### Note
* Instructions have been included for each segment. You do not have to follow them exactly, but they are included to help you think through the steps.

In [1]:
# Dependencies and Setup
import pandas as pd

# File to Load (Remember to Change These)
school_data_to_load = "Resources/schools_complete.csv"
student_data_to_load = "Resources/students_complete.csv"

# Read School and Student Data File and store into Pandas DataFrames
school_data = pd.read_csv(school_data_to_load)
student_data = pd.read_csv(student_data_to_load)

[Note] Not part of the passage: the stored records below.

(* Let $k$ be a field of characteristic $p >0$, let $d_1,\ldots,d_n$ be positive integers, let $A=k[x_1, \ldots, x_n]/(x_1^{d_1}, \ldots, x_n^{d_n})$, and let $t = \sum_{i=1}^n (d_i - 1)$. Let $m$ be a positive integer such that $m+t <2p$. Then for every integer $i$ with $0\le i \le (t-m)/2$, the map $A_i \to A_{i+m}$ given by $f \mapsto f \cdot (x_1+ \dots +x_n)^m$ is injective.
   Context: $A$ is graded by degree, $A=\bigoplus_{i\ge 0}A_i$, with $A_i$ the image of the homogeneous polynomials of degree $i$. *)

From HB Require Import structures.
From mathcomp Require Import all_boot all_order all_algebra.
From mathcomp Require Import multinomials.mpoly.
Set Implicit Arguments. Unset Strict Implicit. Unset Printing Implicit Defensive.
Import GRing.Theory.
Local Open Scope ring_scope.

Definition in_mon_ideal (k : fieldType) (n : nat) (d : 'I_n -> nat)
  (f : {mpoly k[n]}) : Prop :=
  exists g : 'I_n -> {mpoly k[n]}, f = \sum_(j < n) g j * 'X_j ^+ d j.

Definition lin_form (k : fieldType) (n : nat) : {mpoly k[n]} :=
  \sum_(j < n) 'X_j.

From HB Require Import structures.
From mathcomp Require Import all_boot all_order all_algebra.
From mathcomp Require Import multinomials.mpoly.
From mathcomp Require Import zify.
Set Implicit Arguments. Unset Strict Implicit. Unset Printing Implicit Defensive.
Import GRing.Theory.
Local Open Scope ring_scope.

(* Replace each variable x_j by a column of boxes (j,0), (j,1), ...  and send
   a polynomial h to the function S |-> a! * h_a on sets S of boxes, where
   a_j is the number of boxes of S in column j.  This turns multiplication by
   x_1 + ... + x_n into the up operator (U F)(S) = sum_(y in S) F(S - y) of
   the Boolean lattice, and the monomials x^a with all a_j < d_j into subsets
   of the staircase of boxes (j,l) with l < d_j - 1, a set of size t.  It then
   suffices that U^m is injective from level i to level i + m of the Boolean
   lattice of a t-set when 2i + m <= t and (i + m)! is invertible; this is
   proved by induction on t, splitting off a point x and looking separately
   at the sets that contain x and at those that do not. *)

Lemma natr_fact_neq0 (K : idomainType) N :
  (forall c, (0 < c <= N)%N -> c%:R != 0 :> K) -> N`!%:R != 0 :> K.
Proof.
elim: N => [|N IH] hN; first by rewrite oner_eq0.
rewrite factS natrM mulf_neq0 //; first by apply: hN; rewrite /= leqnn.
by apply: IH => c /andP [c0 cN]; apply: hN; rewrite c0 ltnW.
Qed.

Lemma exists_subset_card (T : finType) (X : {set T}) c :
  (c <= #|X|)%N -> exists2 S : {set T}, S \subset X & #|S| = c.
Proof.
elim: c => [|c IH] hc; first by exists set0; rewrite ?sub0set ?cards0.
have [S sSX cS] := IH (ltnW hc).
have : (0 < #|X :\: S|)%N by rewrite cardsD (setIidPr sSX) cS subn_gt0.
rewrite card_gt0 => /set0Pn [y]; rewrite inE => /andP [yS yX].
exists (y |: S); first by rewrite subUset sub1set yX sSX.
by rewrite cardsU1 yS cS.
Qed.

Section UpOperator.
Variables (K : idomainType) (T : finType).
Implicit Types (F : {set T} -> K) (S X Y Z : {set T}).

Definition up F S := \sum_(y in S) F (S :\ y).
Definition upn m F := iter m up F.
Definition shift x F S := F (x |: S).
Definition vanish X c F := forall S, S \subset X -> #|S| = c -> F S = 0.

Lemma upnS m F S : upn m.+1 F S = \sum_(y in S) upn m F (S :\ y).
Proof. by []. Qed.

Lemma vanish_upn X c m F : vanish X c F -> vanish X (c + m) (upn m F).
Proof.
move=> F0; elim: m => [|m IH] S sSX cS; first by apply: F0; rewrite // cS addn0.
rewrite upnS big1 // => y yS; apply: IH; first exact: subset_trans (subsetDl _ _) sSX.
by move: (cardsD1 y S); rewrite yS cS; lia.
Qed.

Lemma upn_card m F S : #|S| = m -> upn m F S = F set0 *+ m`!.
Proof.
elim: m S => [|m IH] S cS; first by move/eqP: cS; rewrite cards_eq0 => /eqP ->.
rewrite upnS (eq_bigr (fun _ => F set0 *+ m`!)).
  by rewrite sumr_const cS -mulrnA factS mulnC.
by move=> y yS; apply: IH; move: (cardsD1 y S); rewrite yS cS; lia.
Qed.

Lemma up_setU1 F x S : x \notin S -> up F (x |: S) = F S + up (shift x F) S.
Proof.
move=> xS; rewrite /up (big_setU1 _ xS) /= setU1K //; congr (_ + _).
apply: eq_bigr => y yS; rewrite /shift; congr F.
apply/setP => z; rewrite !inE; case: (z =P y) => [->|] //=.
by rewrite orbF; apply/esym/negbTE; apply: contraNneq xS => <-.
Qed.

Lemma upn_setU1 m F x S : x \notin S ->
  upn m.+1 F (x |: S) = upn m.+1 (shift x F) S + m.+1%:R * upn m F S.
Proof.
elim: m S => [|m IH] S xS; first by rewrite /upn /= up_setU1 // mul1r addrC.
transitivity (upn m.+1 F S + \sum_(y in S)
    (upn m.+1 (shift x F) (S :\ y) + m.+1%:R * upn m F (S :\ y))).
  rewrite [LHS]up_setU1 //; congr (_ + _); apply: eq_bigr => y yS.
  by rewrite /shift -IH // !inE negb_and xS orbT.
rewrite big_split -mulr_sumr -!upnS [m.+2%:R]mulrSr mulrDl mul1r.
by rewrite addrCA [upn m.+1 F S + _]addrC.
Qed.

Lemma vanish_setU1 X x c F : x \in X ->
  vanish (X :\ x) c (shift x F) -> vanish (X :\ x) c.+1 F -> vanish X c.+1 F.
Proof.
move=> xX G0 F0 S sSX cS; case xS: (x \in S).
  rewrite -(setD1K xS); apply: G0; first exact: setSD.
  by move: (cardsD1 x S); rewrite xS cS; lia.
apply: F0 => //; apply/subsetP => y yS; rewrite !inE (subsetP sSX) // andbT.
by apply: contraFneq xS => <-.
Qed.

Lemma vanish_upn_shift X x c m F : x \in X -> vanish X c.+1 (upn m.+1 F) ->
  vanish (X :\ x) c (fun Z => upn m.+1 (shift x F) Z + m.+1%:R * upn m F Z).
Proof.
move=> xX F0 Z sZX cZ.
have xZ : x \notin Z by apply/negP => /(subsetP sZX); rewrite !inE eqxx.
rewrite -upn_setU1 //; apply: F0; last by rewrite cardsU1 xZ cZ.
by rewrite subUset sub1set xX (subset_trans sZX (subsetDl _ _)).
Qed.

Lemma vanish_upnS_shift X x c m F : x \in X -> vanish X c.+1 (upn m.+1 F) ->
  vanish (X :\ x) c.+1 (upn m.+2 (shift x F)).
Proof.
move=> xX F0 Y sYX cY.
have /(_ Y sYX) := vanish_upn (m := 1) (vanish_upn_shift xX F0).
rewrite addn1 => /(_ cY); rewrite /upn /= /up big_split /= -mulr_sumr.
rewrite -[\sum_(y in Y) _ F _]upnS F0 ?mulr0 ?addr0 //.
exact: subset_trans sYX (subsetDl _ _).
Qed.

Theorem upn_vanish_inj X i m F : (2 * i + m <= #|X|)%N ->
  (forall c, (0 < c <= i + m)%N -> c%:R != 0 :> K) ->
  vanish X (i + m) (upn m F) -> vanish X i F.
Proof.
move cX: #|X| => N; elim: N X i m F cX => [|N IH] X i m F cX him hK F0.
  have [i0 m0] : i = 0%N /\ m = 0%N by lia.
  by move: F0; rewrite i0 m0.
case: i him hK F0 => [|i] him hK F0.
  move=> S _ /eqP; rewrite cards_eq0 => /eqP ->.
  have [Y sYX cY] := exists_subset_card (c := m) (X := X) (ltac:(lia)).
  apply/eqP; have := F0 Y sYX cY; rewrite (upn_card _ cY) => /eqP.
  by rewrite -mulr_natr mulf_eq0 (negbTE (natr_fact_neq0 _)) ?orbF.
case: m him hK F0 => [|m] him hK; first by rewrite addn0.
rewrite addnS => F0; have : (0 < #|X|)%N by rewrite cX.
rewrite card_gt0 => /set0Pn [x xX].
have cX' : #|X :\ x| = N by move: (cardsD1 x X); rewrite xX cX; lia.
(* Recursion on X :\ x with (i, m + 2) for the sets through x, then with
   (i + 1, m) for the sets avoiding x; both keep 2i + m <= #|X :\ x|. *)
have G0 : vanish (X :\ x) i (shift x F).
  apply: (IH _ i m.+2 _ cX'); [lia | move=> c hc; apply: hK; lia |].
  by rewrite !addnS -addSn; apply: vanish_upnS_shift.
apply: (vanish_setU1 xX G0).
apply: (IH _ i.+1 m _ cX'); [lia | move=> c hc; apply: hK; lia |].
move=> Z sZX cZ; have /eqP := vanish_upn_shift xX F0 sZX cZ.
rewrite (vanish_upn (m := m.+1) G0) ?addnS -?addSn // add0r mulf_eq0 => /orP [|/eqP //].
by rewrite (negbTE (hK m.+1 _)) //; lia.
Qed.

End UpOperator.

Lemma mcoeffMXE (R : ringType) n (h : {mpoly R[n]}) u b :
  (h * 'X_[u])@_b = if (u <= b)%MM then h@_(b - u) else 0.
Proof.
case: ifP => ub; first by rewrite -{1}(submK ub) addmC mcoeffMX.
apply/eqP; rewrite mcoeff_eq0 (perm_mem (msuppMX _ _)).
by apply/negP => /mapP [b' _ bE]; move: ub; rewrite bE lem_addr.
Qed.

Section MonomialIdeal.
Variables (k : fieldType) (n : nat) (d : 'I_n -> nat).

Definition first_exceeding (a : 'X_{1..n}) := [pick j | (d j <= a j)%N].

Lemma in_mon_idealE (h : {mpoly k[n]}) :
  in_mon_ideal d h <-> forall b : 'X_{1..n}, (forall j, b j < d j)%N -> h@_b = 0.
Proof.
split=> [[g ->] b bd|h0].
  rewrite raddf_sum /=; apply: big1 => j _.
  rewrite mpolyXn mcoeffMXE; case: ifP => // /mnm_lepP /(_ j).
  by rewrite mulmnE mnm1E eqxx mul1n leqNgt bd.
have exceed a : a \in msupp h ->
    exists2 j, first_exceeding a = Some j & (d j <= a j)%N.
  rewrite mcoeff_msupp /first_exceeding; case: pickP => [j dj|dn]; first by exists j.
  by rewrite h0 ?eqxx // => j; rewrite ltnNge dn.
exists (fun j => \sum_(a <- msupp h | first_exceeding a == Some j)
  h@_a *: 'X_[a - U_(j) *+ d j]).
rewrite [LHS]mpolyE (eq_bigr (fun j => \sum_(a <- msupp h)
    if first_exceeding a == Some j then h@_a *: 'X_[a] else 0)); last first.
  move=> j _; rewrite mulr_suml big_mkcond /=; apply: eq_big_seq => a ha.
  case: ifP => // /eqP aj; rewrite -scalerAl mpolyXn -mpolyXD submK //.
  apply/mnm_lepP => l; rewrite mulmnE mnm1E.
  case: (j =P l) => [<-|]; last by rewrite mul0n.
  by have [j' + dj'] := exceed a ha; rewrite aj => -[->]; rewrite mul1n.
rewrite exchange_big /=; apply: eq_big_seq => a ha.
have [j aj _] := exceed a ha; rewrite (bigD1 j) //= aj eqxx big1 ?addr0 // => l lj.
by case: ifP => // /eqP [] /esym /eqP; rewrite (negbTE lj).
Qed.

End MonomialIdeal.

Section BoxEncoding.
Variables (k : fieldType) (n N : nat).
Local Notation box := ('I_n * 'I_N)%type.
Implicit Types (h : {mpoly k[n]}) (a b : 'X_{1..n}) (S : {set box}).

Definition column S j := [set u in S | u.1 == j].
Definition profile S : 'X_{1..n} := [multinom #|column S j| | j < n].
Definition staircase a : {set box} := [set u : box | (u.2 < a u.1)%N].
Definition mfact a := (\prod_(j < n) (a j)`!)%N.
Definition encode h S : k := (mfact (profile S))%:R * h@_(profile S).

Lemma profileE S j : profile S j = #|column S j|.
Proof. by rewrite mnmE. Qed.

Lemma card_profile S : #|S| = mdeg (profile S).
Proof.
rewrite mdegE -sum1_card (partition_big (fun u : box => u.1) predT) //=.
apply: eq_bigr => j _; rewrite profileE -sum1_card; apply: eq_bigl => u.
by rewrite !inE.
Qed.

Lemma profileS S S' : S \subset S' -> (profile S <= profile S')%MM.
Proof.
move=> sSS'; apply/mnm_lepP => j; rewrite !profileE subset_leq_card //.
by apply/subsetP => u; rewrite !inE => /andP [/(subsetP sSS') -> ->].
Qed.

Lemma profile_staircase a : (forall j, a j <= N)%N -> profile (staircase a) = a.
Proof.
move=> aN; apply/mnmP => j; rewrite profileE.
have -> : column (staircase a) j = [set (j, widen_ord (aN j) l) | l : 'I_(a j)].
  apply/setP => -[j' l]; rewrite !inE /=.
  apply/andP/imsetP => [[lt /eqP ej]|[l' _ [-> ->]]]; last by rewrite /= eqxx ltn_ord.
  by subst j'; exists (Ordinal lt) => //; congr pair; apply: val_inj.
by rewrite card_imset ?card_ord // => l1 l2 [] /val_inj.
Qed.

Lemma staircaseS a b : (a <= b)%MM -> staircase a \subset staircase b.
Proof.
move/mnm_lepP=> ab; apply/subsetP => u; rewrite !inE => ua.
exact: leq_trans ua (ab _).
Qed.

Lemma card_staircase a : (forall j, a j <= N)%N -> #|staircase a| = mdeg a.
Proof. by move=> aN; rewrite card_profile profile_staircase. Qed.

Lemma profile_setD1 S y : y \in S -> profile (S :\ y) = (profile S - U_(y.1))%MM.
Proof.
move=> yS; apply/mnmP => j; rewrite mnmBE mnm1E !profileE.
case: (y.1 =P j) => [yj|yj].
  have -> : column (S :\ y) j = column S j :\ y.
    by apply/setP => u; rewrite !inE andbA.
  by move: (cardsD1 y (column S j)); rewrite !inE yS yj eqxx /=; lia.
rewrite subn0; congr #|pred_of_set _|; apply/setP => u; rewrite !inE.
by case: (u =P y) => [->|] //=; rewrite (introF eqP yj) andbF.
Qed.

Lemma sum_over_columns S (phi : 'I_n -> k) :
  \sum_(y in S) phi y.1 = \sum_(j < n) phi j *+ profile S j.
Proof.
rewrite (partition_big (fun y : box => y.1) predT) //=; apply: eq_bigr => j _.
rewrite profileE -sumr_const; apply: eq_big => u; first by rewrite !inE.
by case/andP => _ /eqP ->.
Qed.

Lemma mfactB a j : (0 < a j)%N -> mfact a = (a j * mfact (a - U_(j)))%N.
Proof.
move=> aj; rewrite /mfact (bigD1 j) //= [in RHS](bigD1 j) //= mulnA.
congr (_ * _)%N.
  by rewrite mnmBE mnm1E eqxx subn1; case: (a j) aj => // c _; rewrite factS.
by apply: eq_bigr => l lj; rewrite mnmBE mnm1E eq_sym (negbTE lj) subn0.
Qed.

Lemma natr_mfact_neq0 a :
  (forall c, (0 < c <= mdeg a)%N -> c%:R != 0 :> k) -> (mfact a)%:R != 0 :> k.
Proof.
move=> ha; rewrite natr_prod; apply/prodf_neq0 => j _; apply: natr_fact_neq0.
move=> c /andP [c0 caj]; apply: ha; rewrite c0 (leq_trans caj) //.
by rewrite mdegE (bigD1 j) //= leq_addr.
Qed.

Lemma mcoeffM_lin_form h b :
  (h * lin_form k n)@_b = \sum_(j < n) if (0 < b j)%N then h@_(b - U_(j)) else 0.
Proof.
rewrite /lin_form mulr_sumr raddf_sum /=; apply: eq_bigr => j _.
rewrite mcoeffMXE; congr (if _ then _ else _).
apply/mnm_lepP/idP => [/(_ j)|bj l]; first by rewrite mnm1E eqxx.
by rewrite mnm1E; case: (j =P l) => [<-|].
Qed.

Lemma up_encode h : up (encode h) =1 encode (h * lin_form k n).
Proof.
move=> S; rewrite /up /encode mcoeffM_lin_form mulr_sumr.
under eq_bigr => y yS do rewrite profile_setD1 //.
rewrite (sum_over_columns S (fun j =>
  (mfact (profile S - U_(j)))%:R * h@_(profile S - U_(j)))).
apply: eq_bigr => j _; case: ifP => [aj|].
  by rewrite (mfactB aj) natrM -[_ *+ profile S j]mulr_natl mulrA.
by move/negbT; rewrite -leqNgt leqn0 => /eqP ->; rewrite mulr0 mulr0n.
Qed.

Lemma upn_encode m h : upn m (encode h) =1 encode (h * lin_form k n ^+ m).
Proof.
elim: m => [|m IH] S; first by rewrite expr0 mulr1.
rewrite upnS (eq_bigr _ (fun y _ => IH (S :\ y))).
by rewrite -/(up _ S) up_encode exprSr mulrA.
Qed.

End BoxEncoding.

Theorem theorem2p2 (k : fieldType) (p : nat) (n : nat) (d : 'I_n -> nat)
  (m i : nat) :
  p \in [pchar k] ->
  (forall j, 0 < d j)%N ->
  (0 < m)%N ->
  (m + \sum_(j < n) (d j).-1 < 2 * p)%N ->
  (2 * i + m <= \sum_(j < n) (d j).-1)%N ->
  forall f : {mpoly k[n]}, f \is i.-homog ->
    in_mon_ideal d (f * lin_form k n ^+ m) -> in_mon_ideal d f.
Proof.
move=> chp d_gt0 _ mt it f homf /in_mon_idealE fL0; apply/in_mon_idealE => a ad.
set t := (\sum_(j < n) (d j).-1)%N in mt it.
have unit_small c : (0 < c <= i + m)%N -> c%:R != 0 :> k.
  (* 2 (i + m) <= m + t < 2 p *)
  by case/andP=> c0 cim; rewrite -(dvdn_pcharf chp) gtnNdvd //; lia.
pose top := [multinom (d j).-1 | j < n].
have top_le_t j : (top j <= t)%N by rewrite mnmE /t (bigD1 j) //= leq_addr.
have top_lt_d j : (top j < d j)%N by rewrite mnmE prednK.
have a_le_top : (a <= top)%MM by apply/mnm_lepP => j; rewrite mnmE -ltnS prednK.
have it_top : (2 * i + m <= #|staircase t top|)%N.
  by rewrite card_staircase // mdegE; under eq_bigr do rewrite mnmE.
have top_vanish : vanish (staircase t top) (i + m) (upn m (encode f)).
  move=> Y sY _; rewrite upn_encode /encode fL0 ?mulr0 // => j.
  apply: leq_ltn_trans (top_lt_d j); move/mnm_lepP: (profileS sY) => /(_ j).
  by rewrite profile_staircase.
have [dega|/(dhomog_nemf_coeff homf) //] := eqVneq (mdeg a) i.
have a_le_t j : (a j <= t)%N by apply: leq_trans (top_le_t j); apply/mnm_lepP.
have /eqP := upn_vanish_inj it_top unit_small top_vanish (staircaseS t a_le_top)
  (etrans (card_staircase a_le_t) dega).
rewrite /encode profile_staircase // mulf_eq0 (negbTE (natr_mfact_neq0 _)) => [/eqP //|].
by move=> c /andP [c0 ca]; apply: unit_small; rewrite c0 -dega (leq_trans ca) ?leq_addr.
Qed.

# Combine the data into a single dataset.  
school_data_complete = pd.merge(student_data, school_data, how="left", on=["school_name", "school_name"])
#rename df
comp_data_df = school_data_complete
#comp_data_df.head()  test output 

## District Summary

* Calculate the total number of schools

* Calculate the total number of students

* Calculate the total budget

* Calculate the average math score 

* Calculate the average reading score

* Calculate the percentage of students with a passing math score (70 or greater)

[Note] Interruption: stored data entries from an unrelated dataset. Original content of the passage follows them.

(* Let $N\ge3$, suppose $\boldsymbol{\mathfrak h}\notin\mathrm{col}(C)$, let $\mathbf p=\mathrm{proj}_{\ker(C)}\boldsymbol{\mathfrak h}$ (orthogonal projection), $\gamma_{\max}=\|\mathbf p\|_\infty^{-1}$, and let $\gamma\in\mathbb{R}$ with $0<|\gamma|\le\gamma_{\max}$. Set $\tilde{\boldsymbol{\mathfrak b}}=\gamma\mathbf p$ and $\boldsymbol\theta=\tfrac12\arccos\tilde{\boldsymbol{\mathfrak b}}$ (entrywise). Then the dephasing code associated with $\boldsymbol\theta$ satisfies $PSP\in\mathbb{R}P$ for all $S\in\mathfrak{S}$, and $PHP=\tfrac{\gamma}{2}\|\mathbf p\|_2^2\,Z_L\not\propto P$. Moreover, if $\ker(C)$ is one-dimensional and $\gamma=\gamma_{\max}$, then $\tilde{\boldsymbol{\mathfrak b}}$ is an optimal solution of the problem: maximize $\boldsymbol{\mathfrak b}\cdot\boldsymbol{\mathfrak h}$ subject to $\|\boldsymbol{\mathfrak b}\|_\infty\le1$, $\boldsymbol{\mathfrak b}\perp\mathrm{col}(C)$.
   Context: Qubits $1,\dots,N$; $Z_j$, $X_j$ denote the Pauli $Z$, $X$ operators on qubit $j$ of $(\mathbb{C}^2)^{\otimes N}$. For $\mathbf v\in\mathbb{R}^N$, $\mathbf v\cdot\mathbf Z:=\sum_j v_jZ_j$. Dephasing model: $\boldsymbol{\mathfrak h}\in\mathbb{R}^N$, $H=\tfrac12\boldsymbol{\mathfrak h}\cdot\mathbf Z$; $C$ is a real symmetric positive semidefinite $N\times N$ matrix with orthonormal eigenvectors $\mathbf v_1,\dots,\mathbf v_N$ and eigenvalues $\lambda_1,\dots,\lambda_N\ge0$; $L_j=\sqrt{\lambda_j}\,\mathbf v_j\cdot\mathbf Z$; $\mathrm{col}(C),\ker(C)$ are column space and kernel of $C$; the Lindblad span $\mathfrak{S}$ is the real span of $I$, all $L_i$ and all $L_iL_j$. Dephasing code for $\boldsymbol\theta\in\mathbb{R}^N$: $|0_L\rangle=\bigotimes_{j=1}^N(\cos\theta_j|0\rangle+i\sin\theta_j|1\rangle)$, $|1_L\rangle=X^{\otimes N}|0_L\rangle$, $P=|0_L\rangle\langle0_L|+|1_L\rangle\langle1_L|$, $Z_L=|0_L\rangle\langle0_L|-|1_L\rangle\langle1_L|$. *)

From Stdlib Require Import Reals Lra Lia List Bool Arith.
Open Scope R_scope.

Fixpoint rsum (n : nat) (f : nat -> R) : R :=
  match n with O => 0 | S m => rsum m f + f m end.

Definition rvec := nat -> R.          (* entries j < N are meaningful *)
Definition rmat := nat -> nat -> R.

Definition dot (N : nat) (u v : rvec) : R := rsum N (fun j => u j * v j).
Definition matvec (N : nat) (C : rmat) (x : rvec) : rvec :=
  fun i => rsum N (fun j => C i j * x j).

Definition in_col (N : nat) (C : rmat) (w : rvec) : Prop :=
  exists y : rvec, forall i, (i < N)%nat -> matvec N C y i = w i.
Definition in_ker (N : nat) (C : rmat) (x : rvec) : Prop :=
  forall i, (i < N)%nat -> matvec N C x i = 0.
Definition is_orth_proj_ker (N : nat) (C : rmat) (h p : rvec) : Prop :=
  in_ker N C p /\ forall w, in_ker N C w -> dot N (fun j => h j - p j) w = 0.
Definition ker_dim1 (N : nat) (C : rmat) : Prop :=
  exists u, in_ker N C u /\ (exists j, (j < N)%nat /\ u j <> 0) /\
    forall w, in_ker N C w -> exists t : R, forall j, (j < N)%nat -> w j = t * u j.

Definition infnorm (N : nat) (p : rvec) : R :=
  fold_right Rmax 0 (map (fun j => Rabs (p j)) (seq 0 N)).
Definition norm2sq (N : nat) (p : rvec) : R := dot N p p.

Definition feasible (N : nat) (C : rmat) (b : rvec) : Prop :=
  infnorm N b <= 1 /\ forall w, in_col N C w -> dot N b w = 0.
Definition optimal (N : nat) (C : rmat) (h b : rvec) : Prop :=
  feasible N C b /\ forall b', feasible N C b' -> dot N b' h <= dot N b h.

* Calculate the percentage of students with a passing reading score (70 or greater)

* Calculate the percentage of students who passed math **and** reading (% Overall Passing)

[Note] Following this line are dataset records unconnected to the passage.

Theorem theorem3p7 (p : nat) (hT kT : finGroupType) :
  prime p ->
  p.-group [set: hT] -> ~~ abelian [set: hT] ->
  p.-group [set: kT] -> ~~ abelian [set: kT] ->
  (* (1) *)
  (forall f : hT -> kT -> algC, is_bihom f ->
     forall n (rho : hT * kT -> 'M[algC]_n),
       is_alpha_rep [set: hT * kT]
         (prod_cocycle (@trivial_cocycle hT) (@trivial_cocycle kT) f) rho ->
       alpha_irreducible [set: hT * kT] rho ->
       ~ alpha_faithful [set: hT * kT] rho)
  /\
  (* (2) *)
  ('Z([set: hT * kT]) \subset [~: [set: hT * kT], [set: hT * kT]] ->
   forall (b : hT -> hT -> algC) (c : kT -> kT -> algC) (f : hT -> kT -> algC),
     is_cocycle [set: hT] b -> is_cocycle [set: kT] c -> is_bihom f ->
     (forall n (rho : hT * kT -> 'M[algC]_n),
        is_alpha_rep [set: hT * kT] (prod_cocycle b c f) rho ->
        alpha_irreducible [set: hT * kT] rho ->
        (alpha_faithful [set: hT * kT] rho <->
         (forall x, x \in 'Z([set: hT]) -> alpha_regular [set: hT] b x -> x = 1) /\
         (forall y, y \in 'Z([set: kT]) -> alpha_regular [set: kT] c y -> y = 1)))
     /\
     (has_faithful_irr [set: hT * kT] (prod_cocycle b c f) <->
      has_faithful_irr [set: hT] b /\ has_faithful_irr [set: kT] c)).
Proof.
move=> _ pH nabH pK _; have nilG := pgroup_nil (pgroup_pair pH pK).
split=> [f fB n rho rhoR irr faith | sZD b c f bC cC fB].
  have ntD : [~: [set: hT], [set: hT]] != 1 by apply: contra nabH => /eqP/commG1P.
  have /trivgPn[x /setIP[Dx Zx] ntx] := meet_center_nil (pgroup_nil pH) (der_normal 1 _) ntD.
  have fx1 k : f x k = 1%R.
    by have [f0 fM _] := fB; apply: (mulhom_derived1 (phi := f^~ k)).
  have Zx1 : (x, 1) \in 'Z([set: hT * kT]) by rewrite center_pair Zx group1.
  have x1 : x = 1.
    apply: (congr1 fst ((alpha_faithfulP rhoR (proj1 irr) nilG irr).1 faith _ Zx1 _)).
    apply/(prod_cocycle_regular (trivial_cocycle_cocycle hT) (trivial_cocycle_cocycle kT)
             Zx (group1 _) fx1 (bihomx1 fB)).
    by split.
  by rewrite x1 eqxx in ntx.
have regZ := prod_regular_center_trivial fB bC cC sZD.
split=> [n rho rhoR irr | ].
  exact: iff_trans (alpha_faithfulP rhoR (proj1 irr) nilG irr) regZ.
have cocG := prod_cocycle_cocycle fB bC cC.
by rewrite !has_faithful_irrP ?(pgroup_nil pH) ?(pgroup_nil pK).
Qed.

* Create a dataframe to hold the above results

* Optional: give the displayed data cleaner formatting

In [2]:
tot_school_cnt = comp_data_df["school_name"].nunique()
#print("tot # schools:"+str(tot_school_cnt))
tot_student_cnt = comp_data_df["Student ID"].nunique()   # some students have same name, so count the unique student IDs.
tot_budget = school_data["budget"].sum()
avg_math = student_data["math_score"].mean()
avg_reading = student_data["reading_score"].mean()
# % students passed (70% or greater = passing) 
num_passed_math = len(student_data.loc[(student_data["math_score"]>=70)])
pct_passed_math = (num_passed_math/tot_student_cnt)*100
num_passed_reading = len(student_data.loc[(student_data["reading_score"]>=70)])
pct_passed_reading = (num_passed_reading/tot_student_cnt)*100

num_passed_both = len(student_data.loc[((student_data["math_score"]>=70) & (student_data["reading_score"]>=70))])
pct_passed_both = (num_passed_both/tot_student_cnt)*100

summary_df = pd.DataFrame({"Total Schools": [tot_school_cnt],
                           "Total Students": [tot_student_cnt],
                           "Total School Budget": [tot_budget],
                           "Average Math Score": avg_math,
                           "Average Reading Score": avg_reading,
                           "% Passing Math": pct_passed_math,
                          "% Passing Reading": pct_passed_reading,
                          "% Overall Passing": pct_passed_both})
summary_df.style.format({"Total Students":"{:,}","Total School Budget":"${:,.2f}"})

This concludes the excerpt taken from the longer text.